Mike it is not just in the USA, Festools top router is $2000au and I can buy 4 of Makita's variable speed routers for that, I do have an older model Festool Router (OF1100) and it came in a Festool clip lid Systainer box and as much as it is a nice router in a very nice carry box, and I do use it, it still has some design issues that make it difficult to use, One is the "cut height/depth" set up method, that is a pain, and one more is the fact that there is only one way to "lock the plunge" and the damn thing has opened up on me when I had it running, when it did then it destroyed the workpiece as my 35mm bullnose cutter was in it at the time, my Makitas have a far simpler height adjustment and it's top winding knob doubles up as a method to lock off the plunge in a manor where it cannot open up, I got the OF1100 second hand, that box is sweet and very nicely made, I have looked very closely at Festool and they are made in a manor that is above the normal standard standard and that does mean all of their tools but it is not just their transport boxes that are priced too high for me, I don't see anything wrong with the Triton Routers, or with Bosch and I would be happy to buy either of them and I think that I will buy the one James has been talking about when I need a new router, I don't know if it was correct or not but I did hear that Triton is made by Bosch and it sounded like it was correct to say that they are. NGM


----------



## Phil P (Jul 25, 2010)

Neville

You aren't the only one who has had problems with the OF1400. I so disliked mine that it went within 6 months - and was eventually replaced by a deWalt DW622 (I find a full-size 1/2in router is just too big for some tasks) - but by and large the Systainers work pretty well, but then I have tools from Festool, Lamello, Metabo and Mafell which all arrived in Systainers amd iy made sense to continue down the same track. Bosch in Europe even dallied with Systainers for a while (for the 10.8 volt range of cordless tools, sold as 12 volt in the USA for some reason). I'm not saying Festool are universally the best, but some of their kit has definite advantages over the rest of the markat - so whilst I'm impressed by the top of the line OF2200 I'm _de_pressed by the price. Guess I'll just have to keep driving a "Chrysler" rather than a "Merc"

Regards

Phil


----------



## DaninVan (Jan 1, 2012)

Yes indeed; pricey!
Search Results : KMS Tools & Equipment from Vancouver BC, Selling quality tools at affordable prices all over Canada. Largest powertool, handtool and woodworking machinery retailer in Canada.

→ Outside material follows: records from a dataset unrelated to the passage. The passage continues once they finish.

(** * The family of affine functions *)

(* [(grad1 b, grad2 b)] is the unit vector along [l_b]. *)
Definition nrm (b : R) : R := sqrt (1 + omega b * omega b).
Definition grad1 (b : R) : R := / nrm b.
Definition grad2 (b : R) : R := omega b / nrm b.

Lemma nrm_ge1 b : 1 <= nrm b.
Proof.
  unfold nrm. rewrite <- sqrt_1 at 1. apply sqrt_le_1_alt.
  pose proof (Rle_0_sqr (omega b)). unfold Rsqr in *. lra.
Qed.

Lemma nrm_sqr b : nrm b * nrm b = 1 + omega b * omega b.
Proof. unfold nrm. apply sqrt_sqrt. pose proof (Rle_0_sqr (omega b)). unfold Rsqr in *. lra. Qed.

Lemma grad_unit b : grad1 b ^ 2 + grad2 b ^ 2 = 1.
Proof.
  unfold grad1, grad2. pose proof (nrm_ge1 b) as Hge.
  replace ((/ nrm b) ^ 2 + (omega b / nrm b) ^ 2)
    with ((1 + omega b * omega b) / (nrm b * nrm b)) by (field; lra).
  rewrite <- nrm_sqr. field. lra.
Qed.

Lemma grad_dot_le b z1 z2 : grad1 b * z1 + grad2 b * z2 <= sqrt (z1 ^ 2 + z2 ^ 2).
Proof.
  eapply Rle_trans; [apply sqrt_cauchy |].
  rewrite !Rsqr_pow2, grad_unit, sqrt_1, Rmult_1_l. apply Rle_refl.
Qed.

Definition dgrad1 (b : R) : R := - (omega b * Derive omega b) / nrm b ^ 3.
Definition dgrad2 (b : R) : R := Derive omega b / nrm b ^ 3.

Lemma grad1_derive b : 0 < b < 1 -> is_derive grad1 b (dgrad1 b).
Proof.
  intros Hb. pose proof (omega_ex_derive b Hb). pose proof (nrm_ge1 b).
  unfold grad1, dgrad1, nrm in *. auto_derive.
  - repeat split; auto. nra. lra.
  - change (Derive (fun x => omega x) b) with (Derive omega b).
    set (s := sqrt (1 + omega b * omega b)) in *. field. lra.
Qed.

Lemma grad2_derive b : 0 < b < 1 -> is_derive grad2 b (dgrad2 b).
Proof.
  intros Hb. pose proof (omega_ex_derive b Hb). pose proof (nrm_ge1 b). pose proof (nrm_sqr b).
  unfold grad2, dgrad2, nrm in *. auto_derive.
  - repeat split; auto. nra. lra.
  - change (Derive (fun x => omega x) b) with (Derive omega b).
    set (s := sqrt (1 + omega b * omega b)) in *. set (d := Derive omega b).
    transitivity ((d * (s * s) - d * (omega b * omega b)) / s ^ 3); [field; lra |].
    rewrite H1. field. lra.
Qed.

Lemma nrm_continuous s : 0 < s < 1 -> continuous nrm s.
Proof.
  intros Hs. apply continuous_sqrt_comp, continuous_Rplus; [apply continuous_const |].
  apply continuous_Rmult; apply omega_continuous, Hs.
Qed.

Daily currency converter - Bank of Canada


----------



## jw2170 (Jan 24, 2008)

Hi Neville,



> but I did hear that Triton is made by Bosch and it sounded like it was correct to say that they are.


Not true. Triton are made in Taiwan by Powerbox AG, a Swiss registered UK company.

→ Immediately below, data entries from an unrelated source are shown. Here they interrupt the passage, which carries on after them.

(* Let $n>6$ be an integer and let $x=\binom{n}{3}-2(n-2)$. Then $$[x]^3_4-1\le k_4(k_3\le x)\le [x]^3_4.$$
   Context: All graphs are finite simple graphs. For a graph $g$ and an integer $r>1$, $k_r(g)$ denotes the number of subgraphs of $g$ isomorphic to the complete graph $K_r$. For $r<s$ and a non-negative integer $x$, $k_s(k_r\le x)$ denotes the maximum of $k_s(g)$ over all graphs $g$ with $k_r(g)\le x$. The $r$-canonical representation of a non-negative integer $x$ is obtained greedily: choose $a_r$ as large as possible with $\binom{a_r}{r}\le x$, then $a_{r-1}$ as large as possible with $\binom{a_{r-1}}{r-1}\le x-\binom{a_r}{r}$, and so on, until $x=\binom{a_r}{r}+\binom{a_{r-1}}{r-1}+\dots+\binom{a_{r-j}}{r-j}$; one has $a_r>a_{r-1}>\dots>a_{r-j}$. For $r<s$, $[x]^r_s=\binom{a_r}{s}+\binom{a_{r-1}}{s-1}+\dots+\binom{a_{r-j}}{s-j}$ (replace $r$ by $s$ in the representation). A binomial coefficient whose top entry is less than its bottom entry is taken to be $0$. *)

From mathcomp Require Import all_boot.
Set Implicit Arguments. Unset Strict Implicit. Unset Printing Implicit Defensive.

Definition simple_graph (N : nat) (e : rel 'I_N) : Prop :=
  symmetric e /\ irreflexive e.

Definition clique (N : nat) (e : rel 'I_N) (A : {set 'I_N}) : bool :=
  [forall x in A, forall y in A, (x != y) ==> e x y].

Definition kr (N : nat) (e : rel 'I_N) (r : nat) : nat :=
  #|[set A : {set 'I_N} | (#|A| == r) && clique e A]|.

Definition is_max_ks_kr (s r x m : nat) : Prop :=
  (exists N (e : rel 'I_N), simple_graph e /\ kr e r <= x /\ kr e s = m) /\
  (forall N (e : rel 'I_N), simple_graph e -> kr e r <= x -> kr e s <= m).

(* largest a with 'C(a, k) <= x (for k >= 1 such a is < x + k + 1) *)
Definition greedy_top (k x : nat) : nat :=
  \max_(a < x + k + 1 | 'C(a, k) <= x) a.

(* r-canonical representation of x as a list of pairs (a_i, i),
   x = sum 'C(a_i, i), computed greedily, stopping when the remainder is 0. *)
Fixpoint canon (r x : nat) : seq (nat * nat) :=
  match r with
  | 0 => [::]
  | r'.+1 =>
      if x == 0 then [::]
      else let a := greedy_top r x in (a, r) :: canon r' (x - 'C(a, r))
  end.

Definition shadow_bound (r s x : nat) : nat :=
  \sum_(p <- canon r x) 'C(p.1, p.2 + (s - r)).

From mathcomp Require Import all_boot zify.
From Stdlib Require Import Classical.
Set Implicit Arguments. Unset Strict Implicit. Unset Printing Implicit Defensive.

(* Write n = m + 7.  Then x = 'C(m+6, 3) + 'C(m+3, 2) + 'C(m+2, 1) is the
   3-canonical representation of x, so [x]^3_4 = 'C(m+6, 4) + 'C(m+3, 3) +
   'C(m+2, 2).  The 3-shadow of the family of K_4's of a graph consists of
   triangles, hence the Kruskal-Katona theorem, proved below by Frankl's
   shifting argument, gives k_4 <= [x]^3_4 whenever k_3 <= x.  Conversely,
   K_n minus two disjoint edges has exactly x triangles and
   'C(n, 4) - 2 'C(n-2, 2) + 1 = [x]^3_4 - 1 copies of K_4. *)

(** * Cascades *)

(* A list [:: a_k; a_(k-1); ...] read at level k stands for the cascade
   'C(a_k, k) + 'C(a_(k-1), k-1) + ... and its shadow
   'C(a_k, k-1) + 'C(a_(k-1), k-2) + ..., where a level-0 entry adds nothing. *)
Fixpoint cascade (k : nat) (L : seq nat) : nat :=
  if L is a :: L' then 'C(a, k) + cascade k.-1 L' else 0.

Fixpoint shadow_cascade (k : nat) (L : seq nat) : nat :=
  if L is a :: L' then (if k is k'.+1 then 'C(a, k') else 0) + shadow_cascade k.-1 L'
  else 0.

Fixpoint cascade_valid (k ub : nat) (L : seq nat) {struct L} : bool :=
  if L is a :: L' then
    [&& k <= a, a < ub & if k is k'.+1 then cascade_valid k' a L' else L' == [::]]
  else true.

Fixpoint cascade_dec (k : nat) (L : seq nat) : seq nat :=
  if L is a :: L' then (if k < a then a.-1 :: cascade_dec k.-1 L' else [:: k]) else [::].

Lemma shadow_cascade0 L : shadow_cascade 0 L = 0.
Proof. by elim: L => //= a L ->. Qed.

Lemma shadow_cascadeE k L : size L <= k -> shadow_cascade k L = cascade k.-1 L.
Proof. by elim: L k => [|a L IH] [|k] //= sz; rewrite IH. Qed.

Lemma cascade_pascal k ub L : cascade_valid k ub L -> size L <= k ->
  cascade k L = cascade k (map predn L) + cascade k.-1 (map predn L).
Proof.
elim: L k ub => [|a L IH] [|k] ub //= /and3P[ka _ vL] sz.
rewrite (IH k a vL sz); case: a ka {vL} => [|a] //= _.
rewrite binS; lia.
Qed.

Lemma shadow_cascade_pascal k ub L : cascade_valid k ub L -> size L <= k ->
  shadow_cascade k L =
  shadow_cascade k (map predn L) + shadow_cascade k.-1 (map predn L).
Proof.
elim: L k ub => [|a L IH] [|k] ub //= /and3P[ka _ vL] sz.
rewrite (IH k a vL sz); case: a ka {vL} => [|a] //= _.
case: k {IH sz} => [|k] /=; first by rewrite !bin0 !shadow_cascade0; lia.
rewrite binS; lia.
Qed.

Lemma cascade_dec_le k L : cascade k (cascade_dec k L) <= cascade k (map predn L) + 1.
Proof.
elim: L k => [|a L IH] k //=.
by case: ifP => _ /=; [have := IH k.-1 | rewrite binn]; lia.
Qed.

Lemma shadow_cascade_pred_minimal k ub L : cascade_valid k ub L -> ub <= k.+1 ->
  shadow_cascade k (map predn L) <= k.
Proof.
elim: L k ub => [|a L IH] [|k] ub //=; first by rewrite shadow_cascade0.
case/and3P => ka aub vL ubk; have ea : a = k.+1 by lia.
subst a; rewrite /= binn; have := IH k k.+1 vL (leqnn _); lia.
Qed.

Lemma shadow_cascade_dec k ub L : cascade_valid k ub L -> size L <= k ->
  shadow_cascade k (map predn L) <= shadow_cascade k (cascade_dec k L).
Proof.
elim: L k ub => [|a L IH] [|k] ub //= /and3P[ka aub vL] sz.
case: ifP => ka' /=; first by have := IH k a vL sz; lia.
have ea : a = k.+1 by lia.
subst a; rewrite /= binn binSn.
have := shadow_cascade_pred_minimal vL (leqnn _); lia.
Qed.

Lemma cascade_valid_dec k ub L : cascade_valid k ub L -> k.+1 < ub ->
  cascade_valid k ub.-1 (cascade_dec k L).
Proof.
elim: L k ub => [|a L IH] [|k] ub //=.
- case/andP => aub /eqP-> ub1.
  by case: ifP => a0 /=; apply/andP; split => //; lia.
- case/and3P => ka aub vL ub'.
  case: ifP => ka' /=; apply/and3P; split => //; try lia.
  by apply: IH.
Qed.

CMT have a re-badged version.


----------



## Urban Farmer (Apr 23, 2013)

*DeWALT Toughcase System*



Phil P said:


> Yes indeed. Saw the first set out on a job in late 2011 when one of the sparks (electricians) had sprung for a full set. They seem to be made from the same horrible black plastic that DW use on their "ordinary" tool boxes. Pity about Festool prices being so much higher. They are expensive here, but the differential seems to be lower
> 
> Regards
> 
> Phil


I actually have a whole set of the DeWALT tough-case system and it's very excellent. It keeps dust & water out of my cordless & corded power tools. The farm can be dusty when it's dry & muddy when it rains. I'm transporting my gear to work sites on a weekly basis & it just makes it so much easier for me. The plastic is not the same grade as a regular DeWALT tool case, it's actually way thicker, and much more sturdier. Mine have definitely taken a beating & are still going strong. Anyway, just wanted to share my experience with the tough case system, not really brand loyal, more about what works (at least for me).


----------



## bnaboatbuilder (Jan 10, 2013)

I have a bunch of the L-Boxx size 1 and 2, all off of ebay at below Amazon prices.

But for the larger tool carriers, I go with a bunch of the $10 plastic totes, easy lids, stack great and keep items clean inside: 12 gallon Heavy Duty Storage Tote-DC-10-650-81-00 at The Home Depot

I spent the last few years looking at Festool systainers and find them to be a waste of good money that can go towards actual tools.

I use Pelican cases for my work (photography) and always felt those are expensive, but systainers are silly expensive for the little plastic involved. Pelican cases come with lifetime warranties, many have cloth/divider interiors. It's all a matter of perspective I guess.


----------